### What to do
From the records below, print exactly the lines starting at the one containing "exists2 d, d" and ending at the one containing "elim: s x j i => [|y s IH] x j i.", ends included, and nothing else.

· · · · ·

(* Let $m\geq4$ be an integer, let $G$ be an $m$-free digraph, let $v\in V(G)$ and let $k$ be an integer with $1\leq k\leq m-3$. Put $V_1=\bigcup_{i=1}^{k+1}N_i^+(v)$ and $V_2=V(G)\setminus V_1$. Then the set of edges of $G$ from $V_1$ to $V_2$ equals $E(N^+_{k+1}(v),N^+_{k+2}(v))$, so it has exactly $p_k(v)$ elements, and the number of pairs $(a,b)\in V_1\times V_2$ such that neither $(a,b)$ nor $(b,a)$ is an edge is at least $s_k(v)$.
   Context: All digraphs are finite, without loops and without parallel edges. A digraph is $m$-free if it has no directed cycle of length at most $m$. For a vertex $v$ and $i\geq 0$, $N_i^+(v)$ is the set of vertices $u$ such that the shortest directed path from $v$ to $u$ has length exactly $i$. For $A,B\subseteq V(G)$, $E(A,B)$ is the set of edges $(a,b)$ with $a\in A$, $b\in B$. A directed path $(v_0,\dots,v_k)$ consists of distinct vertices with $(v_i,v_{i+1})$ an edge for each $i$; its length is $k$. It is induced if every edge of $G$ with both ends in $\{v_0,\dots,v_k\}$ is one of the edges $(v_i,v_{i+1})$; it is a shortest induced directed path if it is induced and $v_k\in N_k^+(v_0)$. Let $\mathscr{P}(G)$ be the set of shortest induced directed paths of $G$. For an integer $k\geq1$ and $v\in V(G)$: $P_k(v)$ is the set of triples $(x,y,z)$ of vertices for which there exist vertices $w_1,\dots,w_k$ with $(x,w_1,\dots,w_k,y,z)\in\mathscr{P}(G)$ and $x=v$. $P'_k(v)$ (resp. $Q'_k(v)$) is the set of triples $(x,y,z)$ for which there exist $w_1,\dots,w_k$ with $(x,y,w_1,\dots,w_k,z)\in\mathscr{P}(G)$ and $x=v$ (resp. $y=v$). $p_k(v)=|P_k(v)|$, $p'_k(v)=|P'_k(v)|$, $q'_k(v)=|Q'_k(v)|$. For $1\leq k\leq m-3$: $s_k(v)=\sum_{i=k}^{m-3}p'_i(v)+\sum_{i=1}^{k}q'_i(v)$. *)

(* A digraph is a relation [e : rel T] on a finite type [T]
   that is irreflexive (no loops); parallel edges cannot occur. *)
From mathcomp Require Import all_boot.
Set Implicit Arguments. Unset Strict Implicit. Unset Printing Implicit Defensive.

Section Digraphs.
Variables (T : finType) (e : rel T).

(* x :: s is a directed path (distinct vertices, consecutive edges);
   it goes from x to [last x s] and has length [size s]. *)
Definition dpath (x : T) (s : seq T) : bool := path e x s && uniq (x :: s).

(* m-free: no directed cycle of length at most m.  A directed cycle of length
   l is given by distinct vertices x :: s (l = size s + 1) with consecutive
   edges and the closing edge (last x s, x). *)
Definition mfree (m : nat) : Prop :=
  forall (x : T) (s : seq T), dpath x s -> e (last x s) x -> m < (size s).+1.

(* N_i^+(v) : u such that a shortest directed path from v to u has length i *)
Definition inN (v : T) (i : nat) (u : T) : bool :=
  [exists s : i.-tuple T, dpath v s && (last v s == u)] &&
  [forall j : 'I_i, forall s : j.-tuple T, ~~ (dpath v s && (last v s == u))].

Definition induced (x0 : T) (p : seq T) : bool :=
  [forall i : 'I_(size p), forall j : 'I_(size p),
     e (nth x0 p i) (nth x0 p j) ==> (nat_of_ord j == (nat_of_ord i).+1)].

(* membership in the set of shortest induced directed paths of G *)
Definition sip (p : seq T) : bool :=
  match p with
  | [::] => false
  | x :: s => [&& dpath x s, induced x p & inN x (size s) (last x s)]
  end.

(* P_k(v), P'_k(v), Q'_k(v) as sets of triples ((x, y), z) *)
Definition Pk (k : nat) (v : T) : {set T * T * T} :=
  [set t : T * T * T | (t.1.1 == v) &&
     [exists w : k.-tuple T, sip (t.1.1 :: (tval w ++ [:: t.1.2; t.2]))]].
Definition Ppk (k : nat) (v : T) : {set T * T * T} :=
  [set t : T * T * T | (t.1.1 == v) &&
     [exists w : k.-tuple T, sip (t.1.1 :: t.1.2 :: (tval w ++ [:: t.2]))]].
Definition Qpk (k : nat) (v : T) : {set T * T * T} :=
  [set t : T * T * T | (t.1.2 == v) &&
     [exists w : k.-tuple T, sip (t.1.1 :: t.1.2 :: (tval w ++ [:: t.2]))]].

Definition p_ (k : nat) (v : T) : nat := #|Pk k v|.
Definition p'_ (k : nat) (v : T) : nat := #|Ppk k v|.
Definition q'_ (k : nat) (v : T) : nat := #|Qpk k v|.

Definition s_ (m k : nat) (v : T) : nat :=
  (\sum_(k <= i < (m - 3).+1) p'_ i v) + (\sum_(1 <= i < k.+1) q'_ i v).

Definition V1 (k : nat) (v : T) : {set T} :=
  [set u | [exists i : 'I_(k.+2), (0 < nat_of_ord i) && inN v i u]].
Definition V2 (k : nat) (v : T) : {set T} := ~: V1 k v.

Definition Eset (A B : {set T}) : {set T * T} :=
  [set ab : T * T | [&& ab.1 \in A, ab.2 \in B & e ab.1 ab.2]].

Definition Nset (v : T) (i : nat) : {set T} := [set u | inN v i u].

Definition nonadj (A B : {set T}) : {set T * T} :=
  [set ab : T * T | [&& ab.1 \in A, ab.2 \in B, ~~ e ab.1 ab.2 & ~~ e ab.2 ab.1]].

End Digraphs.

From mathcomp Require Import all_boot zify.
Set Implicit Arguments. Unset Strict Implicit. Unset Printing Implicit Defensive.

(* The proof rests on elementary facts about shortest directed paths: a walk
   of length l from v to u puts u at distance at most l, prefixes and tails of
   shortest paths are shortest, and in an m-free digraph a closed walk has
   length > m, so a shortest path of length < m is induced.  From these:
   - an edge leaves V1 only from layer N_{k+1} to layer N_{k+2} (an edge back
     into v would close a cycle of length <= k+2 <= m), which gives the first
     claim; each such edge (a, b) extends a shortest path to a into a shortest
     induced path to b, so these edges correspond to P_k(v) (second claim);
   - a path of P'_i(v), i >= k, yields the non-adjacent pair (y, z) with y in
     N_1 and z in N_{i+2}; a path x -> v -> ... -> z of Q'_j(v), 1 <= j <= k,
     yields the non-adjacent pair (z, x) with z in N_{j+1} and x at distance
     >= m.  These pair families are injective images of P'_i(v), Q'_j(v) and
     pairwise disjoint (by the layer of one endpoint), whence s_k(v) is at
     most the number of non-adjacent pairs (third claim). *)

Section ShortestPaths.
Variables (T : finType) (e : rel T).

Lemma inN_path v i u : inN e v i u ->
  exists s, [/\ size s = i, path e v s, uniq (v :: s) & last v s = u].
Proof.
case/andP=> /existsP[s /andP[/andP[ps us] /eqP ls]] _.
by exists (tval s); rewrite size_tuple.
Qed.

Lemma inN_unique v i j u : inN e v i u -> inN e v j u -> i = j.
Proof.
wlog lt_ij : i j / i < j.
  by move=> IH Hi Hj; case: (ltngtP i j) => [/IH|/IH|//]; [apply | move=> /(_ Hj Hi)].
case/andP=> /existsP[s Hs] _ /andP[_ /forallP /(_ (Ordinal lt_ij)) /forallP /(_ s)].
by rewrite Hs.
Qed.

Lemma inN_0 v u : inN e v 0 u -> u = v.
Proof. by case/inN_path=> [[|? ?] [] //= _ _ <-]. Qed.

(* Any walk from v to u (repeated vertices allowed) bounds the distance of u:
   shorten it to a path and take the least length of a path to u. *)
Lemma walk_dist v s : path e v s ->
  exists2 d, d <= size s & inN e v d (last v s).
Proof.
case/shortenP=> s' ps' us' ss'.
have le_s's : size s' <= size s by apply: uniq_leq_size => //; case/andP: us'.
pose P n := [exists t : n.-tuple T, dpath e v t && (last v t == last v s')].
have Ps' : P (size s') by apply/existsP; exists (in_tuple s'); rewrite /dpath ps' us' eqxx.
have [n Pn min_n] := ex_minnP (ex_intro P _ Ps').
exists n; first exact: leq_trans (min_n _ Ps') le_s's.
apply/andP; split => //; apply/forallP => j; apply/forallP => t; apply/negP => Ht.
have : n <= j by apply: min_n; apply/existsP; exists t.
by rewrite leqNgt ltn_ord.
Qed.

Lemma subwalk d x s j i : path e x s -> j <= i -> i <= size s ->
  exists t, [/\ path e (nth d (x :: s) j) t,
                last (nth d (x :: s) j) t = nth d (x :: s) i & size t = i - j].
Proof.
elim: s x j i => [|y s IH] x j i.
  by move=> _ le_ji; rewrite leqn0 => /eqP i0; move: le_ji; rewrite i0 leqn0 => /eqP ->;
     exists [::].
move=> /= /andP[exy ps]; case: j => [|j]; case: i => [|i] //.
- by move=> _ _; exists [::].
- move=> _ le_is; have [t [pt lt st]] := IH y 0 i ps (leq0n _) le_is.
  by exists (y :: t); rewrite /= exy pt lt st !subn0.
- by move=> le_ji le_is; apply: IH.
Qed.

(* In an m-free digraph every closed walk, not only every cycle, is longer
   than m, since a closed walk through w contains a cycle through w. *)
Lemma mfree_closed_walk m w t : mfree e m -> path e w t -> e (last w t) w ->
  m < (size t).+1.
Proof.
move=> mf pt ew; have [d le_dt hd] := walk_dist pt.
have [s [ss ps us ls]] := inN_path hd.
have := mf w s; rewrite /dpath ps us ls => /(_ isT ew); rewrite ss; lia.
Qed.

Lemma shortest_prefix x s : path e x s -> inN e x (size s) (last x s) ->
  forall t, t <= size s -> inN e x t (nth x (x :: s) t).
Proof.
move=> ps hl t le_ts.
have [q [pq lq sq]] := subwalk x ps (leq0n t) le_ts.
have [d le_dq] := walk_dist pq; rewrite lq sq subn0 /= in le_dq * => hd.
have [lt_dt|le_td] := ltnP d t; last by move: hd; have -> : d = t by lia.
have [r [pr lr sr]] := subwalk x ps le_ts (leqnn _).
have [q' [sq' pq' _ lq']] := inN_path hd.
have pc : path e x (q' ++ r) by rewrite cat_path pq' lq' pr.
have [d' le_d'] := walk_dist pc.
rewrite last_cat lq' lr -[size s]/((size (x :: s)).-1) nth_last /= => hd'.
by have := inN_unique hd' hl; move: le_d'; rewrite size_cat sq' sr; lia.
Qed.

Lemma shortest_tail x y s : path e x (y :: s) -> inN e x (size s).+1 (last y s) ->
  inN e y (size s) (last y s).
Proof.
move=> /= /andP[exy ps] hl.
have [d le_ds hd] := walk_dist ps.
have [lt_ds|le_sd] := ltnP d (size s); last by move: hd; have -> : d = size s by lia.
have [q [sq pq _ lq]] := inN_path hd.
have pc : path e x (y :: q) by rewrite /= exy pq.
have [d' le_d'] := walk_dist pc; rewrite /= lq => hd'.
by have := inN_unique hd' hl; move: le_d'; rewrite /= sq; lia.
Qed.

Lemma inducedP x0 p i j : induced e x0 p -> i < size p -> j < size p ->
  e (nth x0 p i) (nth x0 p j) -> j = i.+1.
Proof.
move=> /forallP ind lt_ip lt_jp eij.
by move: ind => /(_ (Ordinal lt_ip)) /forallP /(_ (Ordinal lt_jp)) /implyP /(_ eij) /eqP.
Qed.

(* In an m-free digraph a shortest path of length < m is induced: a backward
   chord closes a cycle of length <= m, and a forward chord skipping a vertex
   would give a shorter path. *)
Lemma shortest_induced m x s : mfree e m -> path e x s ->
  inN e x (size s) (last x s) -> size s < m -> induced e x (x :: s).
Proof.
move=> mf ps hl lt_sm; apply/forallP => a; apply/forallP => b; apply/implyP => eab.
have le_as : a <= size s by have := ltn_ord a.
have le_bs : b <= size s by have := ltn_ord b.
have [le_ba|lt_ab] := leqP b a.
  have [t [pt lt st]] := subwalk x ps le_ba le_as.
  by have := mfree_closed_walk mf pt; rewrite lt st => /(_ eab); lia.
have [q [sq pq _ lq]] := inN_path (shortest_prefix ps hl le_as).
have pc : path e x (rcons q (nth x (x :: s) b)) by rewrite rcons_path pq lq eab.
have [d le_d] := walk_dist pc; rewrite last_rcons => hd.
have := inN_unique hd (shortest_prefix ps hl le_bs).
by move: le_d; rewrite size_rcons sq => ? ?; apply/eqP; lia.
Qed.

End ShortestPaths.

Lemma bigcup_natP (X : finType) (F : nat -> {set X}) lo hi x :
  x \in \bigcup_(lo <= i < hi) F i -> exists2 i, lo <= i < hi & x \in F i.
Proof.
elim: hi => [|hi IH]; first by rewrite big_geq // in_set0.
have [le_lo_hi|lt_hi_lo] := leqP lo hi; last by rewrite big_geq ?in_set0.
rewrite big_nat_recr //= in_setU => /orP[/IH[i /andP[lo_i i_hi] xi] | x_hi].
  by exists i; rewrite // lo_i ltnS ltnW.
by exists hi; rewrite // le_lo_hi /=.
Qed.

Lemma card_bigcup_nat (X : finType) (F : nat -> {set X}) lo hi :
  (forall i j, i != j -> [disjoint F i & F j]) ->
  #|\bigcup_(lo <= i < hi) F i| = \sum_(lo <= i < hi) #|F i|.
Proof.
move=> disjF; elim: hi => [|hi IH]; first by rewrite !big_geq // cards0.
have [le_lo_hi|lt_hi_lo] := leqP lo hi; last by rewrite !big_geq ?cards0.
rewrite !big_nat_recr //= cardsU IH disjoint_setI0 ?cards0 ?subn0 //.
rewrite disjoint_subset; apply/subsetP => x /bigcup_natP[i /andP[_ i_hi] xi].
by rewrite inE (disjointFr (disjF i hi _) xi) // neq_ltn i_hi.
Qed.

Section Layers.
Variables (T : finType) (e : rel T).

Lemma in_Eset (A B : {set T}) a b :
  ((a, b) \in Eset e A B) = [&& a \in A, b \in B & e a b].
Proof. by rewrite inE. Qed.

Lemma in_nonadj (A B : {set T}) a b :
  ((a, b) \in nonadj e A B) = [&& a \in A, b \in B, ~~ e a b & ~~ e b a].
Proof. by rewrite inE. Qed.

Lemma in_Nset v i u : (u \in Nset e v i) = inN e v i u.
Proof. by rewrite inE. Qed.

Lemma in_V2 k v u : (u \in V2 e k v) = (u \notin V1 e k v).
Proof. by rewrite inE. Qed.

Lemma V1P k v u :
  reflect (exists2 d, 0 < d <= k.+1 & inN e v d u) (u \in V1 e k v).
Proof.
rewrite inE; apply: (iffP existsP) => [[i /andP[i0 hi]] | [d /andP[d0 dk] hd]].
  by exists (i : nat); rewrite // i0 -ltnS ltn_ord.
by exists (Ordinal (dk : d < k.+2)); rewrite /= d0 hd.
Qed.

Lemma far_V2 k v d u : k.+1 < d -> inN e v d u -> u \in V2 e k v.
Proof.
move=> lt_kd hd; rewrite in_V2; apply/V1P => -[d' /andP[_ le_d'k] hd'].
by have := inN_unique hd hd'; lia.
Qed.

· · · · ·

### Answer box
  exists2 d, d <= size s & inN e v d (last v s).
Proof.
case/shortenP=> s' ps' us' ss'.
have le_s's : size s' <= size s by apply: uniq_leq_size => //; case/andP: us'.
pose P n := [exists t : n.-tuple T, dpath e v t && (last v t == last v s')].
have Ps' : P (size s') by apply/existsP; exists (in_tuple s'); rewrite /dpath ps' us' eqxx.
have [n Pn min_n] := ex_minnP (ex_intro P _ Ps').
exists n; first exact: leq_trans (min_n _ Ps') le_s's.
apply/andP; split => //; apply/forallP => j; apply/forallP => t; apply/negP => Ht.
have : n <= j by apply: min_n; apply/existsP; exists t.
by rewrite leqNgt ltn_ord.
Qed.

Lemma subwalk d x s j i : path e x s -> j <= i -> i <= size s ->
  exists t, [/\ path e (nth d (x :: s) j) t,
                last (nth d (x :: s) j) t = nth d (x :: s) i & size t = i - j].
Proof.
elim: s x j i => [|y s IH] x j i.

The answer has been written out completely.